Would you give the entries below again, precisely as they are written?

* Records supplied:
......

Lemma ord_sum_dvdn b K (y : int) : (1 < b)%N -> y != 0%R -> (`|y| < K)%N ->
  ord b y = EFin (\sum_(e < K) (b ^ e.+1 %| `|y|))%N.
Proof.
move=> b_gt1 y_neq0 lt_yK; have [m -> dvd_m] := ord_fin b_gt1 y_neq0; congr (EFin _).
have le_mK : (m <= K)%N.
  have /dvdn_leq : (b ^ m %| `|y|)%N by case: m dvd_m => // m dvd_m; rewrite dvd_m.
  rewrite absz_gt0 => /(_ y_neq0) le_bm_y.
  exact/ltnW/(leq_ltn_trans (ltnW (ltn_expl m b_gt1)))/(leq_ltn_trans le_bm_y).
rewrite (eq_bigr (fun e : 'I_K => nat_of_bool (e < m)%N)) => [|e _]; last by rewrite dvd_m.
rewrite -(big_mkord xpredT (fun e => nat_of_bool (e < m)%N)) (big_cat_nat (leq0n m) le_mK) /=.
rewrite (eq_big_nat _ _ (F2 := fun=> 1%N)) => [|e /andP[_ ->]] //.
rewrite sum_nat_const_nat subn0 muln1 [X in (_ + X)%N]big1_seq ?addn0 // => e /andP[_].
by rewrite mem_index_iota => /andP[le_me _]; rewrite ltnNge le_me.
Qed.

Lemma esumS b a i x : esum b a i.+1 x = eadd (esum b a i x) (ord b (x - a i)%R).
Proof. by rewrite /esum big_ord_recr. Qed.

Lemma esum_EInf b a i j : (j < i)%N -> esum b a i (a j) = EInf.
Proof.
elim: i => // i IHi; rewrite ltnS leq_eqVlt esumS => /predU1P[->|/IHi->//].
by rewrite subrr ord_0; case: esum.
Qed.

Definition residue_count (M : nat) (a : nat -> int) (i : nat) (x : int) : nat :=
  \sum_(j < i) (M%:Z %| (x - a j)%R)%Z.

Lemma residue_countS M a i x :
  residue_count M a i.+1 x = (residue_count M a i x + (M%:Z %| (x - a i)%R)%Z)%N.
Proof. by rewrite /residue_count big_ord_recr. Qed.

Lemma esum_residue_count b a i x : (1 < b)%N -> (forall j, (j < i)%N -> x != a j) ->
  exists N, forall K, (N <= K)%N ->
    esum b a i x = EFin (\sum_(e < K) residue_count (b ^ e.+1) a i x).
Proof.
move=> b_gt1; elim: i => [_|i IHi fresh_x].
  by exists 0%N => K _; rewrite /esum big_ord0 big1 // => e _; rewrite /residue_count big_ord0.
have [|N eqN] := IHi; first by move=> j lt_ji; apply/fresh_x/ltnW.
have xai_neq0 : (x - a i)%R != 0%R by rewrite subr_eq0 fresh_x.
exists (maxn N `|x - a i|.+1) => K; rewrite geq_max => /andP[le_NK lt_K].
rewrite esumS (eqN K) // (ord_sum_dvdn b_gt1 xai_neq0 lt_K) /= -big_split /=.
by congr EFin; apply: eq_bigr => e _; rewrite residue_countS dvdzE absz_nat.
Qed.

Lemma residue_unique (M r s : nat) : (r < M)%N -> (s < M)%N ->
  (M%:Z %| (r%:Z - s%:Z)%R)%Z -> r = s.
Proof.
move=> lt_rM lt_sM; rewrite -eqz_mod_dvd !modz_small ?lez_nat ?ltz_nat //.
by move/eqP => [].
Qed.

Lemma residue_exists (M : nat) (z : int) : (0 < M)%N ->
  exists r : 'I_M, (M%:Z %| (r%:Z - z)%R)%Z.
Proof.
move=> M_gt0; have M_neq0 : (M%:Z != 0)%R by rewrite eqz_nat -lt0n.
have zM_ge0 := modz_ge0 z M_neq0.
have lt_zM : (`|(z %% M%:Z)%Z| < M)%N.
  by rewrite -ltz_nat gez0_abs // ltz_pmod // ltz_nat.
exists (Ordinal lt_zM); rewrite -eqz_mod_dvd /= gez0_abs //.
by rewrite modz_mod.
Qed.

Lemma sum_dvdz_residues (M : nat) (z : int) : (0 < M)%N ->
  (\sum_(r < M) (M%:Z %| (r%:Z - z)%R)%Z)%N = 1%N.
Proof.
move=> M_gt0; have [r0 dvd_r0] := residue_exists z M_gt0.
rewrite (bigD1 r0) //= dvd_r0 big1 // => r neq_rr0; apply/eqP; rewrite eqb0.
apply: contra neq_rr0 => dvd_r; apply/eqP/val_inj/(residue_unique (ltn_ord _) (ltn_ord _)).
by rewrite -(subrKA z) rpredD // -opprB rpredN.
Qed.

Section ResidueCount.

Variable a : nat -> int.

Lemma residue_count0 M x : residue_count M a 0 x = 0%N.
Proof. by rewrite /residue_count big_ord0. Qed.

Lemma residue_count_mod1 i x : residue_count 1 a i x = i.
Proof.
rewrite /residue_count (eq_bigr (fun=> 1%N)) => [|j _]; last by rewrite dvd1z.
by rewrite sum_nat_const card_ord muln1.
Qed.

Lemma residue_count_congr M i x y : (M%:Z %| (x - y)%R)%Z ->
  residue_count M a i x = residue_count M a i y.
Proof.
move=> dvd_xy; apply: eq_bigr => j _.
by rewrite -(subrKA y) rpredDl.
Qed.

Lemma leq_residue_count_dvdn M N i x : (M %| N)%N ->
  (residue_count N a i x <= residue_count M a i x)%N.
Proof.
move=> dvd_MN; apply: leq_sum => j _; case: (boolP (N%:Z %| _)%Z) => //= dvd_N.
by rewrite (dvdz_trans _ dvd_N) // dvdzE !absz_nat.
Qed.

Lemma residue_count_eq0_neq M i x j : residue_count M a i x = 0%N -> (j < i)%N ->
  x != a j.
Proof.
move=> /eqP; rewrite sum_nat_eq0 => /forallP zero lt_ji.
by apply: contraTneq (zero (Ordinal lt_ji)) => /= ->; rewrite subrr dvdz0.
Qed.

Lemma sum_residue_count M i : (0 < M)%N ->
  (\sum_(r < M) residue_count M a i r%:Z)%N = i.
Proof.
move=> M_gt0; rewrite exchange_big /= (eq_bigr (fun=> 1%N)) => [|j _].
  by rewrite sum_nat_const card_ord muln1.
exact: sum_dvdz_residues.
Qed.

Lemma sum_residue_count_refine M b i x : (0 < M)%N -> (0 < b)%N ->
  (\sum_(t < b) residue_count (M * b) a i (x + (t * M)%N%:Z)%R)%N =
  residue_count M a i x.
Proof.
move=> M_gt0 b_gt0; rewrite exchange_big /=; apply: eq_bigr => j _.
have M_neq0 : (M%:Z != 0)%R by rewrite eqz_nat -lt0n.
have [dvd_M|ndvd_M] /= := boolP (M%:Z %| (x - a j)%R)%Z.
  have [q eq_q] := dvdzP dvd_M; rewrite -(sum_dvdz_residues (- q) b_gt0).
  apply: eq_bigr => t _.
  have -> : (x + (t * M)%N%:Z - a j = (t%:Z - - q) * M%:Z)%R.
    by rewrite PoszM opprK mulrDl -eq_q; ring.
  by rewrite PoszM (mulrC (Posz M)) dvdz_mul2r.
rewrite big1 // => t _; apply/eqP; rewrite eqb0; apply: contra ndvd_M => dvd_Mb.
rewrite -(addrK (Posz (t * M)) x) addrAC PoszM rpredB ?dvdz_mull //.
by apply: dvdz_trans dvd_Mb; rewrite PoszM dvdz_mulr.
Qed.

......

* Output for this exercise:
Lemma ord_sum_dvdn b K (y : int) : (1 < b)%N -> y != 0%R -> (`|y| < K)%N ->
  ord b y = EFin (\sum_(e < K) (b ^ e.+1 %| `|y|))%N.
Proof.
move=> b_gt1 y_neq0 lt_yK; have [m -> dvd_m] := ord_fin b_gt1 y_neq0; congr (EFin _).
have le_mK : (m <= K)%N.
  have /dvdn_leq : (b ^ m %| `|y|)%N by case: m dvd_m => // m dvd_m; rewrite dvd_m.
  rewrite absz_gt0 => /(_ y_neq0) le_bm_y.
  exact/ltnW/(leq_ltn_trans (ltnW (ltn_expl m b_gt1)))/(leq_ltn_trans le_bm_y).
rewrite (eq_bigr (fun e : 'I_K => nat_of_bool (e < m)%N)) => [|e _]; last by rewrite dvd_m.
rewrite -(big_mkord xpredT (fun e => nat_of_bool (e < m)%N)) (big_cat_nat (leq0n m) le_mK) /=.
rewrite (eq_big_nat _ _ (F2 := fun=> 1%N)) => [|e /andP[_ ->]] //.
rewrite sum_nat_const_nat subn0 muln1 [X in (_ + X)%N]big1_seq ?addn0 // => e /andP[_].
by rewrite mem_index_iota => /andP[le_me _]; rewrite ltnNge le_me.
Qed.

Lemma esumS b a i x : esum b a i.+1 x = eadd (esum b a i x) (ord b (x - a i)%R).
Proof. by rewrite /esum big_ord_recr. Qed.

Lemma esum_EInf b a i j : (j < i)%N -> esum b a i (a j) = EInf.
Proof.
elim: i => // i IHi; rewrite ltnS leq_eqVlt esumS => /predU1P[->|/IHi->//].
by rewrite subrr ord_0; case: esum.
Qed.

Definition residue_count (M : nat) (a : nat -> int) (i : nat) (x : int) : nat :=
  \sum_(j < i) (M%:Z %| (x - a j)%R)%Z.

Lemma residue_countS M a i x :
  residue_count M a i.+1 x = (residue_count M a i x + (M%:Z %| (x - a i)%R)%Z)%N.
Proof. by rewrite /residue_count big_ord_recr. Qed.

Lemma esum_residue_count b a i x : (1 < b)%N -> (forall j, (j < i)%N -> x != a j) ->
  exists N, forall K, (N <= K)%N ->
    esum b a i x = EFin (\sum_(e < K) residue_count (b ^ e.+1) a i x).
Proof.
move=> b_gt1; elim: i => [_|i IHi fresh_x].
  by exists 0%N => K _; rewrite /esum big_ord0 big1 // => e _; rewrite /residue_count big_ord0.
have [|N eqN] := IHi; first by move=> j lt_ji; apply/fresh_x/ltnW.
have xai_neq0 : (x - a i)%R != 0%R by rewrite subr_eq0 fresh_x.
exists (maxn N `|x - a i|.+1) => K; rewrite geq_max => /andP[le_NK lt_K].
rewrite esumS (eqN K) // (ord_sum_dvdn b_gt1 xai_neq0 lt_K) /= -big_split /=.
by congr EFin; apply: eq_bigr => e _; rewrite residue_countS dvdzE absz_nat.
Qed.

Lemma residue_unique (M r s : nat) : (r < M)%N -> (s < M)%N ->
  (M%:Z %| (r%:Z - s%:Z)%R)%Z -> r = s.
Proof.
move=> lt_rM lt_sM; rewrite -eqz_mod_dvd !modz_small ?lez_nat ?ltz_nat //.
by move/eqP => [].
Qed.

Lemma residue_exists (M : nat) (z : int) : (0 < M)%N ->
  exists r : 'I_M, (M%:Z %| (r%:Z - z)%R)%Z.
Proof.
move=> M_gt0; have M_neq0 : (M%:Z != 0)%R by rewrite eqz_nat -lt0n.
have zM_ge0 := modz_ge0 z M_neq0.
have lt_zM : (`|(z %% M%:Z)%Z| < M)%N.
  by rewrite -ltz_nat gez0_abs // ltz_pmod // ltz_nat.
exists (Ordinal lt_zM); rewrite -eqz_mod_dvd /= gez0_abs //.
by rewrite modz_mod.
Qed.

Lemma sum_dvdz_residues (M : nat) (z : int) : (0 < M)%N ->
  (\sum_(r < M) (M%:Z %| (r%:Z - z)%R)%Z)%N = 1%N.
Proof.
move=> M_gt0; have [r0 dvd_r0] := residue_exists z M_gt0.
rewrite (bigD1 r0) //= dvd_r0 big1 // => r neq_rr0; apply/eqP; rewrite eqb0.
apply: contra neq_rr0 => dvd_r; apply/eqP/val_inj/(residue_unique (ltn_ord _) (ltn_ord _)).
by rewrite -(subrKA z) rpredD // -opprB rpredN.
Qed.

Section ResidueCount.

Variable a : nat -> int.

Lemma residue_count0 M x : residue_count M a 0 x = 0%N.
Proof. by rewrite /residue_count big_ord0. Qed.

Lemma residue_count_mod1 i x : residue_count 1 a i x = i.
Proof.
rewrite /residue_count (eq_bigr (fun=> 1%N)) => [|j _]; last by rewrite dvd1z.
by rewrite sum_nat_const card_ord muln1.
Qed.

Lemma residue_count_congr M i x y : (M%:Z %| (x - y)%R)%Z ->
  residue_count M a i x = residue_count M a i y.
Proof.
move=> dvd_xy; apply: eq_bigr => j _.
by rewrite -(subrKA y) rpredDl.
Qed.

Lemma leq_residue_count_dvdn M N i x : (M %| N)%N ->
  (residue_count N a i x <= residue_count M a i x)%N.
Proof.
move=> dvd_MN; apply: leq_sum => j _; case: (boolP (N%:Z %| _)%Z) => //= dvd_N.
by rewrite (dvdz_trans _ dvd_N) // dvdzE !absz_nat.
Qed.

Lemma residue_count_eq0_neq M i x j : residue_count M a i x = 0%N -> (j < i)%N ->
  x != a j.
Proof.
move=> /eqP; rewrite sum_nat_eq0 => /forallP zero lt_ji.
by apply: contraTneq (zero (Ordinal lt_ji)) => /= ->; rewrite subrr dvdz0.
Qed.

Lemma sum_residue_count M i : (0 < M)%N ->
  (\sum_(r < M) residue_count M a i r%:Z)%N = i.
Proof.
move=> M_gt0; rewrite exchange_big /= (eq_bigr (fun=> 1%N)) => [|j _].
  by rewrite sum_nat_const card_ord muln1.
exact: sum_dvdz_residues.
Qed.

Lemma sum_residue_count_refine M b i x : (0 < M)%N -> (0 < b)%N ->
  (\sum_(t < b) residue_count (M * b) a i (x + (t * M)%N%:Z)%R)%N =
  residue_count M a i x.
Proof.
move=> M_gt0 b_gt0; rewrite exchange_big /=; apply: eq_bigr => j _.
have M_neq0 : (M%:Z != 0)%R by rewrite eqz_nat -lt0n.
have [dvd_M|ndvd_M] /= := boolP (M%:Z %| (x - a j)%R)%Z.
  have [q eq_q] := dvdzP dvd_M; rewrite -(sum_dvdz_residues (- q) b_gt0).
  apply: eq_bigr => t _.
  have -> : (x + (t * M)%N%:Z - a j = (t%:Z - - q) * M%:Z)%R.
    by rewrite PoszM opprK mulrDl -eq_q; ring.
  by rewrite PoszM (mulrC (Posz M)) dvdz_mul2r.
rewrite big1 // => t _; apply/eqP; rewrite eqb0; apply: contra ndvd_M => dvd_Mb.
rewrite -(addrK (Posz (t * M)) x) addrAC PoszM rpredB ?dvdz_mull //.
by apply: dvdz_trans dvd_Mb; rewrite PoszM dvdz_mulr.
Qed.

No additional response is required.